Moody's cuts India growth projection to 5.4% for 2020 from 6.6% projected earlier; cites slower than expected economic recovery

Moody's Investors Service on Monday slashed India's growth forecast to 5.4 percent for 2020 from 6.6 percent projected earlier on slower than expected economic recovery

Press Trust of India February 17, 2020 12:50:58 IST
Moody's cuts India growth projection to 5.4% for 2020 from 6.6% projected earlier; cites slower than expected economic recovery
  • In its update on Global Macro Outlook, Moody's said India's economy has decelerated rapidly over the last two years and expects economic recovery to begin in the current quarter

  • The growth projections are based on calendar year and as per its estimates, India has clocked a GDP growth of 5 percent in 2019

  • On the fiscal front, Moody's said, the Union Budget 2020 did not contain a significant stimulus to address the demand slump

New Delhi: Moody's on Monday slashed India's growth forecast for 2020 to 5.4 percent from 6.6 percent projected earlier, on slower than expected economic recovery.

In its update on Global Macro Outlook, Moody's Investors Service said India's economy has decelerated rapidly over the last 2 years and economic recovery is likely to be 'shallow'.

"While the economy may well begin to recover in the current quarter, we expect any recovery to be slower than we had previously expected. Accordingly, we have revised our growth forecasts to 5.4 percent for 2020 and 5.8 percent for 2021, down from our previous projections of 6.6 percent and 6.7 percent respectively," Moody's said.

Moody's growth projections are based on calendar year and as per its estimates, India's GDP grew 5 percent in 2019.

The rating agency had in November 2019 projected economic growth in 2020 and 2021 at 6.6 percent and 6.7 percent respectively. In its latest update, Moody's said the reduction in India's growth rate reflects domestic challenges rather than external factors.

Moodys cuts India growth projection to 54 for 2020 from 66 projected earlier cites slower than expected economic recovery

Representational image. Reuters.

Stating that the key to stronger economic momentum would be the revival of domestic demand and bank credit growth, Moody's said the Union Budget 2020 did not contain a significant stimulus to address the demand slump.

With a weak economy and depressed credit growth reinforcing each other, Moody's said "it is difficult to envision a quick turnaround of either, even if economic deceleration may have troughed".

"As similar policies in other countries have shown, tax cuts are unlikely to translate into higher consumer and business spending when risk aversion is high," Moody's said.

The rating agency said it expects additional easing by the Reserve Bank. However, if the recent rise in CPI inflation, mainly as a result of higher food prices, is seen to have second-round effects, this would make it more challenging for the central bank to cut interest rates further, it added.

The RBI has lowered the repo rate by a cumulative 135 bps in 2019.

Inflation as measured by the Consumer Price Index (CPI) rose to a 68-month-high of 7.59 percent in January. RBI's mandated target range for retail inflation is 2-6 percent and the central bank aims to keep it at 4 percent over the medium term.
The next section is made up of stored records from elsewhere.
Lemma size_wronskian_leq U W :
  (size (U^`() * W - U * W^`())%R <= (size U + size W).-2)%N.
Proof.
have [-> | U0] := eqVneq U 0; first by rewrite deriv0 !mul0r subr0 size_poly0.
have [-> | W0] := eqVneq W 0; first by rewrite deriv0 !mulr0 subr0 size_poly0.
apply: leq_trans (size_polyD _ _) _; rewrite size_polyN geq_max.
by apply/andP; split; apply: leq_trans (size_polyMleq _ _) _;
  rewrite size_deriv (polySpred U0) (polySpred W0); lia.
Qed.

Lemma coef_wronskian_top U W :
  (U^`() * W - U * W^`())`_((size U + size W).-2.-1) =
  lead_coef U * lead_coef W *+ (size U).-1 - lead_coef U * lead_coef W *+ (size W).-1.
Proof.
rewrite coefB coef_mul_deriv_top [U * _]mulrC addnC coef_mul_deriv_top.
by rewrite [lead_coef W * _]mulrC.
Qed.

(* The top coefficient of U^`() * W - U * W^`() is lead U * lead W * (size U - size W): the
   polynomial is too long unless size U = size W, and then too short, to be a nonzero multiple
   of W * W^`(). *)
Lemma deriv_eq0_of_wronskian U W c : c != 0 ->
  U^`() * W - U * W^`() = c *: (W * W^`()) -> W^`() = 0.
Proof.
move=> c0 E; apply/eqP; apply: contraT => W'0.
have W0 : W != 0 by apply: contra W'0 => /eqP ->; rewrite deriv0.
have W'1 : (0 < (size W).-1)%N by rewrite -size_deriv size_poly_gt0.
have sE : size (U^`() * W - U * W^`()) = (size W + (size W).-1).-1.
  by rewrite E size_scale // size_mul // size_deriv.
have leWU : (size W <= size U)%N.
  by have := size_wronskian_leq U W; rewrite sE; lia.
have lU : lead_coef U != 0 by rewrite lead_coef_eq0 -size_poly_gt0; lia.
have lW : lead_coef W != 0 by rewrite lead_coef_eq0.
have := coef_wronskian_top U W; case: ltngtP leWU => // [ltWU | <-] _.
  rewrite nth_default ?sE; last by lia.
  move/eqP; rewrite eq_sym subr_eq0 => /eqP /(mulrIn (mulf_neq0 lU lW)); lia.
have -> : ((size W + size W).-2.-1 = (size W + size (W^`())).-2)%N by rewrite size_deriv; lia.
rewrite subrr E coefZ -mul_lead_coef => /eqP.
by rewrite !mulf_eq0 (negbTE c0) (negbTE lW) lead_coef_eq0 (negbTE W'0).
Qed.

End Wronskian.

End PolyAlgebra.

Open Scope R_scope.

Section PolyDerive.
Local Open Scope ring_scope.

Lemma is_derive_horner (p : {poly R}) x : is_derive (horner p) x p^`().[x].
Proof.
elim/poly_ind: p => [|p a IHp].
  rewrite deriv0 horner0.
  apply: (@is_derive_ext R_AbsRing R_NormedModule (fun=> 0)) => [y|]; last exact: is_derive_const.
  by rewrite horner0.
rewrite derivMXaddC hornerD hornerM hornerX.
apply: (is_derive_ext (fun y => p.[y] * y + a)) => [y|].
  by rewrite hornerMXaddC.
have := is_derive_plus _ _ _ _ _
  (is_derive_mult _ _ _ _ _ IHp (is_derive_id x) Rmult_comm) (is_derive_const a x).
rewrite /plus /mult /zero /=.
have -> : (Hierarchy.one : R_AbsRing) = 1%R by [].
by rewrite !RmultE !RplusE mulr1 addr0 addrC.
Qed.
Section real_bounds.
Context {R : realType}.

Lemma expR_ln_le (K : R) (t : nat) : 2 <= K ->
  expR (ln K * - (t + 3)%:R) <= K^-1 ^+ 3 * 2^-1 ^+ t.
Proof.
move=> K_ge2; have K_gt0 : 0 < K by apply: lt_le_trans K_ge2.
rewrite mulrN expRN mulrC expRM_natl lnK ?posrE // -exprVn exprD mulrC.
apply: ler_wpM2l; first by rewrite exprn_ge0 // invr_ge0 ltW.
by apply: lerXn2r; rewrite ?nnegrE ?invr_ge0 ?(ltW K_gt0) // lef_pV2 ?posrE.
Qed.

Lemma sum_geometric_half_le (a : R) (N : nat) : 0 <= a ->
  \sum_(0 <= t < N) a * 2^-1 ^+ t <= a * 2.
Proof.
move=> a0; have := @geometric_le_lim R N a 2^-1 a0.
rewrite seriesEnat /= => /(_ _ _)/le_trans; apply => //.
  by rewrite ger0_norm ?invf_lt1 ?ltr1n.
by rewrite (_ : 1 - 2^-1 = 2^-1 :> R) ?invrK //; field.
Qed.

Lemma le_add_count_gt {N : nat} {c y : R} : y <= c + N%:R ->
  y <= c + \sum_(0 <= t < N) (if c + t%:R < y then 1 else 0).
Proof.
elim: N c => [|N ih] c h; first by rewrite big_geq // addr0 -[c]addr0.
rewrite big_ltn // big_add1 /= addr0.
under eq_bigr => t _ do rewrite -natr1 (addrC t%:R) addrA.
have := ih (c + 1); rewrite -addrA (addrC 1) natr1 => /(_ h).
have : 0 <= \sum_(0 <= t < N) (if c + 1 + t%:R < y then (1:R) else 0).
  by apply: sumr_ge0 => t _; case: ifP.
by case: ltP => /=; lra.
Qed.

End real_bounds.

Section inverse_cubes.
Context {R : realType}.

(* [l * tel l = 3 / (l + 1) - 3 / (l + 2)] telescopes, while [tel l] still
   dominates [l^-3] for [l >= 2]. *)
Let tel (l : nat) : R := 3 / (l%:R * (l%:R + 1) * (l%:R + 2)).

Let tel_ge0 l : 0 <= tel l.
Proof. by rewrite divr_ge0 // !mulr_ge0 // addr_ge0. Qed.

Let invX3_le_tel (l : nat) : (2 <= l)%N -> l%:R^-1 ^+ 3 <= tel l.
Proof.
move=> l2; have x2 : 2 <= l%:R :> R by rewrite (ler_nat R 2).
rewrite /tel; move: (l%:R : R) x2 => x x2; have x0 : 0 < x by apply: lt_le_trans x2.
rewrite ler_pdivlMr ?mulr_gt0 ?addr_gt0 // exprVn mulrC.
rewrite ler_pdivrMr ?exprn_gt0 // -subr_ge0.
have -> : 3 * x ^+ 3 - x * (x + 1) * (x + 2) = x * ((2 * x + 1) * (x - 2)) by ring.
by rewrite mulr_ge0 ?(ltW x0) // mulr_ge0 ?subr_ge0 // addr_ge0 // mulr_ge0 // ltW.
Qed.

Let sum_mul_tel_le1 (M : nat) : \sum_(2 <= l < M) tel l * l%:R <= 1.
Proof.
have sumE K : \sum_(2 <= l < K.+2) tel l * l%:R = 1 - 3 / (K%:R + 3).
  elim: K => [|K ih]; first by rewrite big_geq // add0r divff ?subrr // pnatr_eq0.
  rewrite big_nat_recr //= ih /tel; have K0 : 0 <= K%:R :> R := ler0n _ _.
  by field; apply/and3P; split; apply: lt0r_neq0; lra.
case: M => [|[|M]]; try by rewrite big_geq.
rewrite sumE lerBlDr lerDl divr_ge0 // addr_ge0.
Qed.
Moody's said that resumption of credit growth is equally important as reviving demand, and banks have been reluctant to lend or lower lending rates despite successive rate cuts by the RBI,

"...credit impulse in the economy has deteriorated throughout the last year as a result of the drying up of lending from non-bank financial institutions as well as from banks," Moody's said.

It said the deterioration in credit growth to the commercial sector is particularly 'stark'.
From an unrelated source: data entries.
(* For $n\in\mathbb{N}^\star$ let $\phi_n(x)=\int_0^\pi e^{-2x\sin\eta}e^{2in\eta}\,\mathrm{d}\eta$. Then for every $x>0$ and $n\ge1$, $$\frac12\,\frac{(2n+1)x}{(n^2+x^2)\big((n+1)^2+x^2\big)}\le\phi_n(x)-\phi_{n+1}(x)\le4\,\frac{(2n+1)x}{(n^2+x^2)\big((n+1)^2+x^2\big)}.$$ *)

From Stdlib Require Import Reals.
From Coquelicot Require Import Coquelicot.
Open Scope R_scope.

Definition expi (t : R) : C := (cos t, sin t).

Definition phi (n : nat) (x : R) : C :=
  RInt (V := C_R_CompleteNormedModule)
    (fun eta => RtoC (exp (-2 * x * sin eta)) * expi (2 * INR n * eta))%C 0 PI.

(* With [z = 2 x] and [k = 2 n], [phi n x] is the real integral
   [C_k(z) = \int_0^PI e^{-z sin t} cos (k t) dt], which solves the inhomogeneous
   modified Bessel equation [z^2 C'' + z C' - (z^2 + k^2) C = -2 z] with [C(0) = 0] and
   [|C| <= PI].  A maximum principle for this equation on [[0, +oo)] squeezes [C_k]
   between the explicit sub- and supersolutions [2 z / (z^2 + k^2) + c z / (z^2 + k^2)^2]
   with [c = -2] and [c = 3]; subtracting these bounds for [k = 2n] and [k = 2n + 2]
   gives the estimate. *)

From Stdlib Require Import Reals Lra Psatz.
From Coquelicot Require Import Coquelicot.
Open Scope R_scope.

Lemma continuity_pt_ex_derive (f : R -> R) (x : R) : ex_derive f x -> continuity_pt f x.
Proof.
  intros Hd. apply continuity_pt_filterlim.
  exact (ex_derive_continuous (K := R_AbsRing) (V := R_NormedModule) f x Hd).
Qed.

Lemma ex_RInt_continuity (f : R -> R) (a b : R) :
  (forall t, continuity_pt f t) -> ex_RInt f a b.
Proof.
  intros Hf. apply (ex_RInt_continuous (V := R_CompleteNormedModule)).
  intros t _. apply continuity_pt_filterlim, Hf.
Qed.

Lemma is_derive_pos_right (f : R -> R) (c l : R) :
  is_derive f c l -> 0 < l -> exists h, 0 < h /\ forall y, c < y < c + h -> f c < f y.
Proof.
  intros Hd Hl.
  destruct (proj1 (is_derive_Reals f c l) Hd l Hl) as [delta Hdelta].
  exists delta. split; [apply cond_pos |].
  intros y Hy.
  assert (Hq := Hdelta (y - c) ltac:(lra) ltac:(rewrite Rabs_right; lra)).
  replace (c + (y - c)) with y in Hq by ring.
  apply Rabs_def2 in Hq.
  assert (Hpos : 0 < (f y - f c) / (y - c)) by lra.
  assert (Hprod := Rmult_lt_0_compat _ _ Hpos (ltac:(lra) : 0 < y - c)).
  field_simplify in Hprod; lra.
Qed.

Definition bessel_op (K : R) (f f1 f2 : R -> R) (z : R) : R :=
  z ^ 2 * f2 z + z * f1 z - (z ^ 2 + K) * f z.

Section MaximumPrinciple.

Variables (K : R) (v v1 v2 : R -> R).
Hypothesis K_pos : 0 < K.
Hypothesis v_v1 : forall z, is_derive v z (v1 z).
Hypothesis v1_v2 : forall z, is_derive v1 z (v2 z).
Hypothesis bessel_op_ge0 : forall z, 0 < z -> 0 <= bessel_op K v v1 v2 z.

(* At a positive interior maximum the equation forces v'' > 0, which is impossible. *)
Lemma bessel_max_principle (b : R) :
  0 < b -> v 0 < 0 -> v b < 0 -> forall z, 0 <= z <= b -> v z <= 0.
Proof.
  intros Hb Hv0 Hvb z Hz.
  destruct (continuity_ab_maj v 0 b) as [c [Hmax Hc]]; [lra | |].
  { intros y _. apply continuity_pt_ex_derive. eexists. apply v_v1. }
  destruct (Rle_or_lt (v c) 0) as [Hneg | Hpos]; [specialize (Hmax z Hz); lra |].
  exfalso.
  assert (Hc_in : 0 < c < b).
  { split; apply Rnot_le_lt; intro; [assert (c = 0) | assert (c = b)]; subst; lra. }
  assert (Hdp : derivable_pt v c) by (exists (v1 c); apply is_derive_Reals, v_v1).
  assert (Hv1 : v1 c = 0).
  { rewrite <- (derive_pt_eq_0 v c (v1 c) Hdp (proj1 (is_derive_Reals _ _ _) (v_v1 c))).
    apply (deriv_maximum v 0 b c Hdp); try lra.
    intros y Hy Hy'. apply Hmax. lra. }
  assert (Hv2 : 0 < v2 c).
  { assert (HL := bessel_op_ge0 c (proj1 Hc_in)). unfold bessel_op in HL.
    rewrite Hv1 in HL.
    assert (0 < (c ^ 2 + K) * v c) by (apply Rmult_lt_0_compat; nra).
    nra. }
  destruct (is_derive_pos_right v1 c (v2 c) (v1_v2 c) Hv2) as [h [Hh Hincr]].
  set (y := c + Rmin h (b - c) / 2).
  assert (Hy : c < y < c + h /\ y <= b).
  { unfold y. assert (Rmin h (b - c) <= h) by apply Rmin_l.
    assert (Rmin h (b - c) <= b - c) by apply Rmin_r.
    assert (0 < Rmin h (b - c)) by (apply Rmin_pos; lra). lra. }
  destruct (MVT_cor2 v v1 c y) as [xi [Hvy Hxi]]; [lra | |].
  { intros t _. apply is_derive_Reals, v_v1. }
  assert (Hxi_pos : 0 < v1 xi) by (rewrite <- Hv1; apply Hincr; lra).
  assert (v y <= v c) by (apply Hmax; lra).
  nra.
Qed.

End MaximumPrinciple.

(* [eps (1 + z)] has [bessel_op K _ <= 0] when [K >= 1]; subtracting it makes [a]
   negative at [0] and, by boundedness, at some large [r], so the maximum principle
   applies on [[0, r]]. *)
Lemma bessel_comparison (K M : R) (a a1 a2 : R -> R) :
  1 <= K ->
  (forall z, is_derive a z (a1 z)) -> (forall z, is_derive a1 z (a2 z)) ->
  (forall z, 0 < z -> 0 <= bessel_op K a a1 a2 z) ->
  a 0 <= 0 -> (forall z, 0 <= z -> a z <= M) ->
  forall z, 0 <= z -> a z <= 0.
Proof.
  intros HK Ha1 Ha2 HL Ha0 HM z Hz.
  apply Rnot_lt_le. intros Haz.
  set (eps := a z / (2 * (1 + z))).
  assert (Heps : 0 < eps) by (apply Rdiv_lt_0_compat; lra).
  set (r := z + (Rabs M + 1) / eps).
  assert (Hr : 0 < (Rabs M + 1) / eps)
    by (apply Rdiv_lt_0_compat; [pose proof (Rabs_pos M) |]; lra).
  assert (Hzr : z < r) by (unfold r; lra).
  assert (Hshift : a z - eps * (1 + z) <= 0).
  { refine (bessel_max_principle K (fun y => a y - eps * (1 + y))
             (fun y => a1 y - eps) (fun y => a2 y - 0) _ _ _ _ r _ _ _ z _); try lra.
    - intros y. apply (is_derive_minus a (fun y => eps * (1 + y)) y (a1 y) eps); [apply Ha1 |].
      auto_derive; [auto | ring].
    - intros y. apply (is_derive_minus a1 (fun _ => eps) y (a2 y) 0);
        [apply Ha2 | exact (is_derive_const eps y)].
    - intros y Hy. specialize (HL y Hy). unfold bessel_op in *.
      assert (0 <= eps * ((y ^ 2 + K) * (1 + y) - y)) by (apply Rmult_le_pos; nra).
      nra.
    - specialize (HM r ltac:(lra)).
      assert (eps * (1 + r) = eps * (1 + z) + (Rabs M + 1)) by (unfold r; field; lra).
      pose proof (Rle_abs M). nra. }
  assert (eps * (1 + z) = a z / 2) by (unfold eps; field; lra).
  lra.
Qed.

Definition exp_sin_integral (P : R -> R) (z : R) : R :=
  RInt (fun t => exp (- (z * sin t)) * P t) 0 PI.

Definition msin (P : R -> R) (t : R) : R := - sin t * P t.

Lemma continuity_msin (P : R -> R) :
  (forall t, continuity_pt P t) -> forall t, continuity_pt (msin P) t.
Proof.
  intros HP t. apply continuity_pt_mult; [| apply HP].
  apply continuity_pt_ex_derive. auto_derive. auto.
Qed.

Lemma ex_RInt_exp_sin (P : R -> R) (z : R) :
  (forall t, continuity_pt P t) -> ex_RInt (fun t => exp (- (z * sin t)) * P t) 0 PI.
Proof.
  intros HP. apply ex_RInt_continuity. intros t.
  apply continuity_pt_mult; [| apply HP].
  apply continuity_pt_ex_derive. auto_derive. auto.
Qed.

Lemma continuity_2d_pt_snd (f : R -> R) (u v : R) :
  continuity_pt f v -> continuity_2d_pt (fun _ t => f t) u v.
Proof.
  intros Hf. apply (continuity_1d_2d_pt_comp f (fun _ t => t)); [exact Hf |].
  apply continuity_2d_pt_id2.
Qed.

Lemma is_derive_exp_sin_integral (P : R -> R) (z : R) :
  (forall t, continuity_pt P t) ->
  is_derive (exp_sin_integral P) z (exp_sin_integral (msin P) z).
Proof.
  intros HP. unfold exp_sin_integral, msin.
  set (f := fun u t => exp (- (u * sin t)) * P t).
  assert (Hdf : forall u t, is_derive (fun u => f u t) u (exp (- (u * sin t)) * (- sin t * P t))).
  { intros u t. unfold f. auto_derive; [auto | ring]. }
  rewrite (RInt_ext _ (fun t => Derive (fun u => f u t) z)).
  2: { intros t _. symmetry. apply is_derive_unique, Hdf. }
  apply (is_derive_RInt_param f 0 PI z).
  - apply filter_forall. intros u t _. eexists. apply Hdf.
  - intros t _.
    apply (continuity_2d_pt_ext (fun u v => exp (- (u * sin v)) * (- sin v * P v))).
    { intros u v. symmetry. apply is_derive_unique, Hdf. }
    assert (Hsin : forall v, continuity_pt sin v)
      by (intros v; apply continuity_pt_ex_derive; auto_derive; auto).
    apply continuity_2d_pt_mult.
    + apply (continuity_1d_2d_pt_comp exp (fun u v => - (u * sin v))).
      * apply continuity_pt_ex_derive. auto_derive. auto.
      * apply continuity_2d_pt_opp, continuity_2d_pt_mult;
          [apply continuity_2d_pt_id1 | apply continuity_2d_pt_snd, Hsin].
    + apply continuity_2d_pt_mult; [apply continuity_2d_pt_opp |];
        apply continuity_2d_pt_snd; [apply Hsin | apply HP].
  - apply filter_forall. intros u. apply ex_RInt_exp_sin, HP.
Qed.

Lemma exp_le_1 (x : R) : x <= 0 -> exp x <= 1.
Proof.
  intros Hx. rewrite <- exp_0.
  destruct (Rle_lt_or_eq_dec _ _ Hx) as [Hlt | ->]; [left; apply exp_increasing |]; lra.
Qed.

Lemma exp_sin_integral_bound (P : R -> R) (z : R) :
  (forall t, continuity_pt P t) -> (forall t, Rabs (P t) <= 1) -> 0 <= z ->
  Rabs (exp_sin_integral P z) <= PI.
Proof.
  intros HPc HP1 Hz. unfold exp_sin_integral.
  replace PI with ((PI - 0) * 1) at 2 by ring.
  apply abs_RInt_le_const; [pose proof PI_RGT_0; lra | apply ex_RInt_exp_sin, HPc |].
  intros t Ht. rewrite Rabs_mult, (Rabs_right (exp _)) by (left; apply exp_pos).
  assert (0 <= z * sin t) by (apply Rmult_le_pos; [| apply sin_ge_0]; lra).
  assert (exp (- (z * sin t)) <= 1) by (apply exp_le_1; lra).
  specialize (HP1 t). pose proof (Rabs_pos (P t)). pose proof (exp_pos (- (z * sin t))).
  nra.
Qed.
Nominal credit to industry grew at only 1.6 percent year-on-year in December 2019, while credit to the services sector registered 6.2 percent nominal growth, and credit to agriculture and related activities grew 5.3 percent, it added.

With regard to global growth, Moody's said coronavirus outbreak has diminished optimism about prospects of an incipient stabilization of global growth this year.

Global GDP growth forecast has been revised down, and Moody's now expects G-20 economies to collectively grow 2.4 percent in 2020, a softer rate than last year, followed by a pick up to 2.8 percent  in 2021.

"We have reduced our growth forecast for China to 5.2 percent in 2020 and maintain our expectation of 5.7 percent growth in 2021," it added.

Moody's expects that the spread of coronavirus will be contained by the end of March, and normal economic activity would resume in April-June quarter.

"At present, China's economy is by far the worst affected. However, the rest of the world also has exposure as a result of a hit to global tourism in the first half of this year and short-term disruptions to supply chains," it said.

"The effects on the global economy could compound if the rate of infection does not abate and the death toll continues to rise, because supply chain disruptions in manufacturing would become more acute the longer it takes to restore normalcy," Moody's added.

The death toll from China's coronavirus epidemic rose to over 1,660, with over 68,500 confirmed cases.

The coronavirus outbreak originated in central China's Hubei province in December last year and has spread to several countries.

Many countries have banned arrivals from China, while major airlines have suspended flights to the country.